Collected data
>>>
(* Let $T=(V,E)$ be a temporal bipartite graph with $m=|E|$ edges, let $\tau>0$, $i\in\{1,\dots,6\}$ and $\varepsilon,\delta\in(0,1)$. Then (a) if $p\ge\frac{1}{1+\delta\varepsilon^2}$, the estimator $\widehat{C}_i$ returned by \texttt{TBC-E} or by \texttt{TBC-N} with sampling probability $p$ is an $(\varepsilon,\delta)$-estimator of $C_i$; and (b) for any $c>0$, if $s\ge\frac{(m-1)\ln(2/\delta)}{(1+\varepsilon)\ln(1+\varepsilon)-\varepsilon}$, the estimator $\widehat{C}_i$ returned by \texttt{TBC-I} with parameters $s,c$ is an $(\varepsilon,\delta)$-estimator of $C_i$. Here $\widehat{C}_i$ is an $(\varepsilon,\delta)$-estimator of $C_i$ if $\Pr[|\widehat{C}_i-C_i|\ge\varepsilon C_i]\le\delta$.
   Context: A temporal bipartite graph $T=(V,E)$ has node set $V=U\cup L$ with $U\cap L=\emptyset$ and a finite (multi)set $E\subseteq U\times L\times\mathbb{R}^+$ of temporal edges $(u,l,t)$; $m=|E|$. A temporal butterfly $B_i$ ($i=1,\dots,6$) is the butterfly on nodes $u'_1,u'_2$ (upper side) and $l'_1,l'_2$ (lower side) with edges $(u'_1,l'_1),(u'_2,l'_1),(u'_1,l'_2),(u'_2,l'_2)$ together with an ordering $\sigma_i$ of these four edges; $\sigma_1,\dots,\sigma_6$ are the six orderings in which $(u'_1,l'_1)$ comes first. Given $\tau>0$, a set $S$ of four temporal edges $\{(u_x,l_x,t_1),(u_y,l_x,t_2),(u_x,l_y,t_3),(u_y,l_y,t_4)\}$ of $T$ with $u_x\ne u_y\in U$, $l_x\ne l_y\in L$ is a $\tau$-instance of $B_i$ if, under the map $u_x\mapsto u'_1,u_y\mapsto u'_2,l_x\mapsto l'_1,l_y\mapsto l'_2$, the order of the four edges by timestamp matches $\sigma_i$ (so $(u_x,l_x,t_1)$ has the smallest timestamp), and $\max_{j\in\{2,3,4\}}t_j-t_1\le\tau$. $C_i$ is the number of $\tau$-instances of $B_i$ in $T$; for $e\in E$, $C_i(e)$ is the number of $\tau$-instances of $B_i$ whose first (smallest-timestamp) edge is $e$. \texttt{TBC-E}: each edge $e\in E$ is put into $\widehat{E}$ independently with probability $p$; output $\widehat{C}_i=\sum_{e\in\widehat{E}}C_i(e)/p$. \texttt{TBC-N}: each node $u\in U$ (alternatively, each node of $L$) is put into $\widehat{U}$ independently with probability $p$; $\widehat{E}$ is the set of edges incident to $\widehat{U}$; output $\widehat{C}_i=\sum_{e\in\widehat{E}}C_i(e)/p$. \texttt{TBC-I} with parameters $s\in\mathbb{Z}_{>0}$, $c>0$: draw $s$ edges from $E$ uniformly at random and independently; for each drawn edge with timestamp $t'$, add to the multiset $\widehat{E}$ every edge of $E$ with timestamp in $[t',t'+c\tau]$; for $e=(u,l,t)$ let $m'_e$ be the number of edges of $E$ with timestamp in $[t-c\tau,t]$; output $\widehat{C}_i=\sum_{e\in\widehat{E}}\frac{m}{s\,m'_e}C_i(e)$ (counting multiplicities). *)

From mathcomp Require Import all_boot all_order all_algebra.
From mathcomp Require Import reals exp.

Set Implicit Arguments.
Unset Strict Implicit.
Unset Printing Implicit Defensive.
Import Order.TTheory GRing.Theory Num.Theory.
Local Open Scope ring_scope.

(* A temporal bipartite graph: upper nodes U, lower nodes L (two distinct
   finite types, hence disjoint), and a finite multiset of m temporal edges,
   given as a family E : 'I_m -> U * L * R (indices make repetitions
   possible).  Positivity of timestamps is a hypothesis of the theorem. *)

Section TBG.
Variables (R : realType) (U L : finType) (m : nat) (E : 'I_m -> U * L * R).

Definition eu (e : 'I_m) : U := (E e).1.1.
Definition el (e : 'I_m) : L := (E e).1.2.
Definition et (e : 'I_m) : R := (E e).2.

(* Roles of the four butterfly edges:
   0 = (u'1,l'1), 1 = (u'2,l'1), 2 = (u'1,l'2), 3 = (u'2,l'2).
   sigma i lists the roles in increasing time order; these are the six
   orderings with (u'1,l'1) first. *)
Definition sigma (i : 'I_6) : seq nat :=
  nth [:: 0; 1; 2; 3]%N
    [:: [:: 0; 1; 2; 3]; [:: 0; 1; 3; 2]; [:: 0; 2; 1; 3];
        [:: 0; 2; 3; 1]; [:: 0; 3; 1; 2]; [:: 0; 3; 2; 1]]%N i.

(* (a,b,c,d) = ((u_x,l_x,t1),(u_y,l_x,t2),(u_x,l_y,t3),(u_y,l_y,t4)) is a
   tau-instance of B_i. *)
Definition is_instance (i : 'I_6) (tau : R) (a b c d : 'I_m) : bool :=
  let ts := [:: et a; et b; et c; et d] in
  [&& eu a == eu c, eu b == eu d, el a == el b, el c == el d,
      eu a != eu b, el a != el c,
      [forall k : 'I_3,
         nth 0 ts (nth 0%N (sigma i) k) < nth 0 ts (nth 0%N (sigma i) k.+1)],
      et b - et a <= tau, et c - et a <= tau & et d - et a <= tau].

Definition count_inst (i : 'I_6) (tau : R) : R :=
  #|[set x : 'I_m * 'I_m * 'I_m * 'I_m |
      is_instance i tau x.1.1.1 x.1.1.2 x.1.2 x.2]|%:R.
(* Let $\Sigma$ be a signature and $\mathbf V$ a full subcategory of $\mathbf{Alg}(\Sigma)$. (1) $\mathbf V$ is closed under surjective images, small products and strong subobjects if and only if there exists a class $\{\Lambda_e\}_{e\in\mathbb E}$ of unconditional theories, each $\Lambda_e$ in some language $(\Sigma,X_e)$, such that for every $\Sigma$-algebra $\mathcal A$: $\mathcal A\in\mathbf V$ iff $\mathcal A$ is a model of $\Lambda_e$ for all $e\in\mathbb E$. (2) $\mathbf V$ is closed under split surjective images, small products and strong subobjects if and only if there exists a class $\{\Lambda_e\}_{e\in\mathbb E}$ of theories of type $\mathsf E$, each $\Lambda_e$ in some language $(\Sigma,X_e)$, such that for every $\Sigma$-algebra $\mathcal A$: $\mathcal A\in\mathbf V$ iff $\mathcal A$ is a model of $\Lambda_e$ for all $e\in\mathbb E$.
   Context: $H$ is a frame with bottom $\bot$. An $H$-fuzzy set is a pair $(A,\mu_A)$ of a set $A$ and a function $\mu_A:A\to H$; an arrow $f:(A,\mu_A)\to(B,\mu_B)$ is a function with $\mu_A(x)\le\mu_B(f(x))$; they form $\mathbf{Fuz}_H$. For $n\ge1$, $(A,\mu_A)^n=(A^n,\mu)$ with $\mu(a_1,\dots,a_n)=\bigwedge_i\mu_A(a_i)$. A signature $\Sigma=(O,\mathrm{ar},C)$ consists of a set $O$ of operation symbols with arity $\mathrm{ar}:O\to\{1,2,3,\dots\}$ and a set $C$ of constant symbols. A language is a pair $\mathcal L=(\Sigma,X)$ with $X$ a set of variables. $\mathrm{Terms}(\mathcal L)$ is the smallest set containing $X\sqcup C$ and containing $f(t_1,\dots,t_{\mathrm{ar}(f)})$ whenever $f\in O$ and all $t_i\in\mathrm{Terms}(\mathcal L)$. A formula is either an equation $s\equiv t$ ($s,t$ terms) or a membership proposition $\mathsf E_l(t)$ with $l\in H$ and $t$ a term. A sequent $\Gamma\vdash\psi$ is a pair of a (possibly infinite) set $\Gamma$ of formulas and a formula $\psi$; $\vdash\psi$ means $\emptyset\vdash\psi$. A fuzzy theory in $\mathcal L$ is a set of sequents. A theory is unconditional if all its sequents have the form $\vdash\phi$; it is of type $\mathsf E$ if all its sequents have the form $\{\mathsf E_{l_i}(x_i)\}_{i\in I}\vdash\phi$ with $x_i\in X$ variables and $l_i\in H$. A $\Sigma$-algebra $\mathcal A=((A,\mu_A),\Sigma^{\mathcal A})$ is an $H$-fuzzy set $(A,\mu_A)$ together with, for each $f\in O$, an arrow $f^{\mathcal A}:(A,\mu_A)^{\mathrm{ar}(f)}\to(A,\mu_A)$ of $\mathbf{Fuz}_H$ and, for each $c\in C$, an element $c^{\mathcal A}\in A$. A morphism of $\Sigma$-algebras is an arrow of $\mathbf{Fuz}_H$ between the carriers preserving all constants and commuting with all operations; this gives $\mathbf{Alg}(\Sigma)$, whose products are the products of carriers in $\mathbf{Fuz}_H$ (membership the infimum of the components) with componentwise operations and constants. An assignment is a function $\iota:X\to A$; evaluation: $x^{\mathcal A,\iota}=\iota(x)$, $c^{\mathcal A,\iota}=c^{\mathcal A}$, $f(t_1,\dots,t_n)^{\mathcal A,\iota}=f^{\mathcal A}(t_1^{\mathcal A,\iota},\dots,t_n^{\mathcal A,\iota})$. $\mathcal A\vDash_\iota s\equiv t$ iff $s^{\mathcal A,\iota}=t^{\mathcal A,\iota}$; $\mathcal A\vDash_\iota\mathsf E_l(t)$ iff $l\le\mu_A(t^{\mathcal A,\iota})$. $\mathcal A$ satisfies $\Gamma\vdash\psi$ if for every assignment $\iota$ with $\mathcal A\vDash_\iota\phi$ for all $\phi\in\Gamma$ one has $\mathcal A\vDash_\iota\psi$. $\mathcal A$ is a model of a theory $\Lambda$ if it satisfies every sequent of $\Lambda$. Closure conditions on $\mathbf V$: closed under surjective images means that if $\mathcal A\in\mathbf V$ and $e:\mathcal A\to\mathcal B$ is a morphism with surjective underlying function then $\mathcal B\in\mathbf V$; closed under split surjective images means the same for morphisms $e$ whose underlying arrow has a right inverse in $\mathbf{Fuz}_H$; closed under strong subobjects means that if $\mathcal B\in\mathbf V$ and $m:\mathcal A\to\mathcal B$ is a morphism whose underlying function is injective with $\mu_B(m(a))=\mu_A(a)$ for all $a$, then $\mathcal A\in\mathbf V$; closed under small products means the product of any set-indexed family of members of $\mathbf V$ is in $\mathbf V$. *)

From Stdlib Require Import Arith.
<<<
>>>
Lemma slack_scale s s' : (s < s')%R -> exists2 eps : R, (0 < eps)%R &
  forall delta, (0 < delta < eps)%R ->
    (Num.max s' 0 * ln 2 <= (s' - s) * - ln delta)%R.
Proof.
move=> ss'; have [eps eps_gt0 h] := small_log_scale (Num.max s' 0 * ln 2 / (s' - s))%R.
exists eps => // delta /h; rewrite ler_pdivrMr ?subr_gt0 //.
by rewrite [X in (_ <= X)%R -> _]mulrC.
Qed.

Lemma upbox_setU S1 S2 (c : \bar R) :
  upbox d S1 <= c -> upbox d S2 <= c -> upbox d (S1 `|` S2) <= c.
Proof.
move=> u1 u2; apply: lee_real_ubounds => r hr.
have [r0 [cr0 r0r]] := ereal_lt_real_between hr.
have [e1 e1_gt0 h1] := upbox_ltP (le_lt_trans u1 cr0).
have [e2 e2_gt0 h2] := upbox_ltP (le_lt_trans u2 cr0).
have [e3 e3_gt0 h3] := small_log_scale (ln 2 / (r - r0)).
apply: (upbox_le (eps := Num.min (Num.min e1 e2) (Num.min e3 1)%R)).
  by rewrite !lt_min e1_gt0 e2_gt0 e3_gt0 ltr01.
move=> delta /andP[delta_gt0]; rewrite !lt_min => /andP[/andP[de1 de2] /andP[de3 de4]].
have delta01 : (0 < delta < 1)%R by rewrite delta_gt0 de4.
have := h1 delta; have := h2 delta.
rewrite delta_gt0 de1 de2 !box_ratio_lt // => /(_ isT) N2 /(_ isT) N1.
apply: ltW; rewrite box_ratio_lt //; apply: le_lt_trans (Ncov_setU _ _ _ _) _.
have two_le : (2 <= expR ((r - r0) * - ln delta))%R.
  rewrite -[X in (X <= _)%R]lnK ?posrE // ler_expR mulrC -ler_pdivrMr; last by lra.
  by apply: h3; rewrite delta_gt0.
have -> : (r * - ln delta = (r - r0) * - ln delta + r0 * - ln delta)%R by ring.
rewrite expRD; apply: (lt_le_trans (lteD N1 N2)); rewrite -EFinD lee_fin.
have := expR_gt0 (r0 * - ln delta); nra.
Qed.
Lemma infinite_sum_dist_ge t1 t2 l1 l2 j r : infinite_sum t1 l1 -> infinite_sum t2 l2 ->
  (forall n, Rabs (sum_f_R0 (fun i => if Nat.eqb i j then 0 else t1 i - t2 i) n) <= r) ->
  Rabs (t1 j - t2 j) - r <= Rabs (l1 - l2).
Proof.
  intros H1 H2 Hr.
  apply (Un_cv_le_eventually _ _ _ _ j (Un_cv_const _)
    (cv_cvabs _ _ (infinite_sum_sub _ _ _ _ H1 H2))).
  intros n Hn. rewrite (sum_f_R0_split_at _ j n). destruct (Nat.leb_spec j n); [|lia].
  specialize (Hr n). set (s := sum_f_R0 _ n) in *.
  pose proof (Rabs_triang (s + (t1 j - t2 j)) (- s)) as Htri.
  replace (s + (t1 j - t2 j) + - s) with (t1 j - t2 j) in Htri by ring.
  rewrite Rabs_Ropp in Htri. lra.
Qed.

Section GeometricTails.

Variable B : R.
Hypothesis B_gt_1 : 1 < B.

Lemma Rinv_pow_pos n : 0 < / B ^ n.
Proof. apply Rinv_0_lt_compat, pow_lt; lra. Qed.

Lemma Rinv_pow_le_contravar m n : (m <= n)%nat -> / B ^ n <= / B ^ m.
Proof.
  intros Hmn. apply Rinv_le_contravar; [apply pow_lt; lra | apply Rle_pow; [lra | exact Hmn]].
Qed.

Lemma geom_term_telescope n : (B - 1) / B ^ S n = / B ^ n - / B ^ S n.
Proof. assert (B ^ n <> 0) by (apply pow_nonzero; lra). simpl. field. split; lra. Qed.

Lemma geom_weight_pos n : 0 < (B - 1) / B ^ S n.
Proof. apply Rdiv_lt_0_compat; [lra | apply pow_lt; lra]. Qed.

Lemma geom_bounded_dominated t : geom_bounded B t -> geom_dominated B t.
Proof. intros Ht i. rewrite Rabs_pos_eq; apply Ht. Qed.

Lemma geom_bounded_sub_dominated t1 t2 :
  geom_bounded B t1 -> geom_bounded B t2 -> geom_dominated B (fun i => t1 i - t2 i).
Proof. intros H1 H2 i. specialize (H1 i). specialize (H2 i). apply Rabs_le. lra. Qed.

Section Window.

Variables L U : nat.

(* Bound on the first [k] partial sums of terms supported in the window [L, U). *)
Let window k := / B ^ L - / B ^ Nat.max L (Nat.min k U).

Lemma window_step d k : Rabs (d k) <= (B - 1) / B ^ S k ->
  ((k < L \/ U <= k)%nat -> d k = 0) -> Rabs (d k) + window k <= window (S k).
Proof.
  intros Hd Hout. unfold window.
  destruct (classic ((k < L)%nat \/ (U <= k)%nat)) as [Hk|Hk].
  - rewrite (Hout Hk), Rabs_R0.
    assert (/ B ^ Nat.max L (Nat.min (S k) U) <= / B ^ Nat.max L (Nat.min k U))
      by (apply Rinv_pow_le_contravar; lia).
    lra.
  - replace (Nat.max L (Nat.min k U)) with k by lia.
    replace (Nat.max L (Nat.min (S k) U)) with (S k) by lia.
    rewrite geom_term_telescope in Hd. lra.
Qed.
<<<
PROBLEM STATEMENT:
Write down, word for word, the lines above from the one containing "exists eps =>" through the one containing "have -> : (r", both ends included.

ANSWER TO THIS EXERCISE:
exists eps => // delta /h; rewrite ler_pdivrMr ?subr_gt0 //.
by rewrite [X in (_ <= X)%R -> _]mulrC.
Qed.

Lemma upbox_setU S1 S2 (c : \bar R) :
  upbox d S1 <= c -> upbox d S2 <= c -> upbox d (S1 `|` S2) <= c.
Proof.
move=> u1 u2; apply: lee_real_ubounds => r hr.
have [r0 [cr0 r0r]] := ereal_lt_real_between hr.
have [e1 e1_gt0 h1] := upbox_ltP (le_lt_trans u1 cr0).
have [e2 e2_gt0 h2] := upbox_ltP (le_lt_trans u2 cr0).
have [e3 e3_gt0 h3] := small_log_scale (ln 2 / (r - r0)).
apply: (upbox_le (eps := Num.min (Num.min e1 e2) (Num.min e3 1)%R)).
  by rewrite !lt_min e1_gt0 e2_gt0 e3_gt0 ltr01.
move=> delta /andP[delta_gt0]; rewrite !lt_min => /andP[/andP[de1 de2] /andP[de3 de4]].
have delta01 : (0 < delta < 1)%R by rewrite delta_gt0 de4.
have := h1 delta; have := h2 delta.
rewrite delta_gt0 de1 de2 !box_ratio_lt // => /(_ isT) N2 /(_ isT) N1.
apply: ltW; rewrite box_ratio_lt //; apply: le_lt_trans (Ncov_setU _ _ _ _) _.
have two_le : (2 <= expR ((r - r0) * - ln delta))%R.
  rewrite -[X in (X <= _)%R]lnK ?posrE // ler_expR mulrC -ler_pdivrMr; last by lra.
  by apply: h3; rewrite delta_gt0.
have -> : (r * - ln delta = (r - r0) * - ln delta + r0 * - ln delta)%R by ring.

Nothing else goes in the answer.